● WORK TO BE COMPLETED:
Output only the lines of the entries that follow, starting at the one with "exact: le_trans (HN g)" and running down to the one with "move=> incr_u; have", both included and unchanged.

● Data entries:
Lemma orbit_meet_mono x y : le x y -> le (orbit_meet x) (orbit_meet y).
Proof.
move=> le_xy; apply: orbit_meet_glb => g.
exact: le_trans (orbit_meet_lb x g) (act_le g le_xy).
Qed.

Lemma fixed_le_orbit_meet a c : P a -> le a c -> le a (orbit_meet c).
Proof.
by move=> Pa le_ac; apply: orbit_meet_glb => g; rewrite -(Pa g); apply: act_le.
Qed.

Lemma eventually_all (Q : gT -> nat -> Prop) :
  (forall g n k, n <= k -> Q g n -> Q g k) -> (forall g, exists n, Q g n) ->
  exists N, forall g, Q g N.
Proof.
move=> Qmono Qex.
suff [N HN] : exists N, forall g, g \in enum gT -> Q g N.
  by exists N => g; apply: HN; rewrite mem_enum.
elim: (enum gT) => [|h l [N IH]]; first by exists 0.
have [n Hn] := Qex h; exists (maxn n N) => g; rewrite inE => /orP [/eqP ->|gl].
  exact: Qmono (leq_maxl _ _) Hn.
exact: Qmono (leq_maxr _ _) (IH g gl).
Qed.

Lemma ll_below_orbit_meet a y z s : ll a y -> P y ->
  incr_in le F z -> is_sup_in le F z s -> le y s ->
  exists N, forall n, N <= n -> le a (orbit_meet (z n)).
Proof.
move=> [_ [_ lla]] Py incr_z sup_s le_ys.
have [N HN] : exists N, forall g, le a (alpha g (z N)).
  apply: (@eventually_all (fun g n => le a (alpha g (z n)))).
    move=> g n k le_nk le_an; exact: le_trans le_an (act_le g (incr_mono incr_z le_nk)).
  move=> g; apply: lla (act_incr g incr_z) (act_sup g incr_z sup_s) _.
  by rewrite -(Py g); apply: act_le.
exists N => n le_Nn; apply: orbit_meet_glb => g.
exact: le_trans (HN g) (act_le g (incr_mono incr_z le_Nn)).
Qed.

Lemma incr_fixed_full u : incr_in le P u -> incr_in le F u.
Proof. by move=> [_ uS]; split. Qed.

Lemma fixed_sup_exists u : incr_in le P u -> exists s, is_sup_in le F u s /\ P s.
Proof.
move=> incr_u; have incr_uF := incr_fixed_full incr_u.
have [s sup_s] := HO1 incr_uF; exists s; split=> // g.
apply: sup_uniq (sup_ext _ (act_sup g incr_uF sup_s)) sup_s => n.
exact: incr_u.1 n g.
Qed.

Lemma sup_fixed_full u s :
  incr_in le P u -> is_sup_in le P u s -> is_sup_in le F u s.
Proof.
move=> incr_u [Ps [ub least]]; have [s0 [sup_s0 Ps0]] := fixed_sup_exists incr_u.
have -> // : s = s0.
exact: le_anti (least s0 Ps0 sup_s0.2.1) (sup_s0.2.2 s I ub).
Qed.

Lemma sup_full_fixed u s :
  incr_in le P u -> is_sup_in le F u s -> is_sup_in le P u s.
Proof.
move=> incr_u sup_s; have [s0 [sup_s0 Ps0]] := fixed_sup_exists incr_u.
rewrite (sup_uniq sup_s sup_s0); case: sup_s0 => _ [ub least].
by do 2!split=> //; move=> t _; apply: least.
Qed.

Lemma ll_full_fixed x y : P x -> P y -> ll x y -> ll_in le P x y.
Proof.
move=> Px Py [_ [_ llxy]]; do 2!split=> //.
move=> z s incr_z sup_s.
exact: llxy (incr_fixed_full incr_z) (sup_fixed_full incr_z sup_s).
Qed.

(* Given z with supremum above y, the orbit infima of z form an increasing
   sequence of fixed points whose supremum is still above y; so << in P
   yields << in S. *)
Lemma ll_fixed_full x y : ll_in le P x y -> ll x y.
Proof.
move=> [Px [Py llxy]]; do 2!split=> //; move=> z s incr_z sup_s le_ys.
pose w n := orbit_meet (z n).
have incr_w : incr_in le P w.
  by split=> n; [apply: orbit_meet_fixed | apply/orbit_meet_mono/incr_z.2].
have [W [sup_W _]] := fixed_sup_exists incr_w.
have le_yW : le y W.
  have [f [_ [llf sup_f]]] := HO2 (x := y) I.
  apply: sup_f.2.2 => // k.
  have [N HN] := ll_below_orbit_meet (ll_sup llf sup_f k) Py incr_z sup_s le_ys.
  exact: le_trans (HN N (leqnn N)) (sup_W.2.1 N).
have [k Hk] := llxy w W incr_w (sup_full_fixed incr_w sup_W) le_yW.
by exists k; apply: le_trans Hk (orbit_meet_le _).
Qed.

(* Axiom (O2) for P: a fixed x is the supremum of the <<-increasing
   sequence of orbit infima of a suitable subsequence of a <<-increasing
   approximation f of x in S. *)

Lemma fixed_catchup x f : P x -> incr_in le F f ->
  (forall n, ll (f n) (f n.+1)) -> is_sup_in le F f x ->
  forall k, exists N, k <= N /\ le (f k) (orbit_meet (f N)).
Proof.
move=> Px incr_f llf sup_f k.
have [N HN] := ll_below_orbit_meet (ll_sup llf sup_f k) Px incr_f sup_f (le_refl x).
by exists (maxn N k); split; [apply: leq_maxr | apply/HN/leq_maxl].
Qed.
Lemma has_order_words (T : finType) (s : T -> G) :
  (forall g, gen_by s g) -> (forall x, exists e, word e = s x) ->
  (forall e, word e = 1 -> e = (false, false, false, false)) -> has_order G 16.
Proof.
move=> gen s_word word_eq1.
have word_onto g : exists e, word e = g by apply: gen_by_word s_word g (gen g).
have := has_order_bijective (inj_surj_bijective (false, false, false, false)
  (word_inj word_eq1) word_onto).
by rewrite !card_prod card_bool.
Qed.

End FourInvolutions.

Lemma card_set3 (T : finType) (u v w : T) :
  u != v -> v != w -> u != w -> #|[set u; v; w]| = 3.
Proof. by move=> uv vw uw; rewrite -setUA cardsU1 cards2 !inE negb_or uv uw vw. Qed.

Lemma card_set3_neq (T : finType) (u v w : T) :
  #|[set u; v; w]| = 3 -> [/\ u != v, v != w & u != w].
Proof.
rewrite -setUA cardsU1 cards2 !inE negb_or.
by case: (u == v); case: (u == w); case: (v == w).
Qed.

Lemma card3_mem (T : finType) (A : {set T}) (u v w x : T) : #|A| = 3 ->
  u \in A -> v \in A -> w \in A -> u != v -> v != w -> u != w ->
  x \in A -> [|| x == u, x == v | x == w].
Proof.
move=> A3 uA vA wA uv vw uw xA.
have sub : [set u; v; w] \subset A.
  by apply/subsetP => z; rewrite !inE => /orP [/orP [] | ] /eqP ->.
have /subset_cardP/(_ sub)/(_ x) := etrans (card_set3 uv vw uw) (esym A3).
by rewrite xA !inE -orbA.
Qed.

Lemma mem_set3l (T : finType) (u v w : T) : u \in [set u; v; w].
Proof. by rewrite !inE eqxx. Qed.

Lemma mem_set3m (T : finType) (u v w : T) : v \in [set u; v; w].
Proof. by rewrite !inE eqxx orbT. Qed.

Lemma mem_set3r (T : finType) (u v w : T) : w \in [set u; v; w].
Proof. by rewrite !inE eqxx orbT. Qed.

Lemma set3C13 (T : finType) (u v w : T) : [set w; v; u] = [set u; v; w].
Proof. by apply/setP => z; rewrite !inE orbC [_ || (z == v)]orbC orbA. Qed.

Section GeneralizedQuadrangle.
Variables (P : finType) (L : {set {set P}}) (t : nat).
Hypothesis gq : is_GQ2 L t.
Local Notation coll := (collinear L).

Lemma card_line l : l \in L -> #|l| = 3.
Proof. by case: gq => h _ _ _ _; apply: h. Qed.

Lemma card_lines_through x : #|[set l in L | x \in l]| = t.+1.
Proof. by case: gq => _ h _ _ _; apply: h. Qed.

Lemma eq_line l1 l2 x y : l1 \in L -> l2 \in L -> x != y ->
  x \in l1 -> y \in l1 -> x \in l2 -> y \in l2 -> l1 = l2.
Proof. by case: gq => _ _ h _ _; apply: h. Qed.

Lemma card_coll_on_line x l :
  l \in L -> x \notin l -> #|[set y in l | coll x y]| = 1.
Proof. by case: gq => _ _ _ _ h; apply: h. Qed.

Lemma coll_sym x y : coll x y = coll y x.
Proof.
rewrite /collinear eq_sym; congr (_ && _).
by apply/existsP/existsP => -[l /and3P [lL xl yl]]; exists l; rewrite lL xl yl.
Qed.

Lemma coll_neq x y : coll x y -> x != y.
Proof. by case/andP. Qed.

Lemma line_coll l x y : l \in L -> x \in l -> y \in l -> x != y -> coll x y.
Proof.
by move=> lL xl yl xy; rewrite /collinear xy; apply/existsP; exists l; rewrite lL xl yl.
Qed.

● ANSWER BELOW:
exact: le_trans (HN g) (act_le g (incr_mono incr_z le_Nn)).
Qed.

Lemma incr_fixed_full u : incr_in le P u -> incr_in le F u.
Proof. by move=> [_ uS]; split. Qed.

Lemma fixed_sup_exists u : incr_in le P u -> exists s, is_sup_in le F u s /\ P s.
Proof.
move=> incr_u; have incr_uF := incr_fixed_full incr_u.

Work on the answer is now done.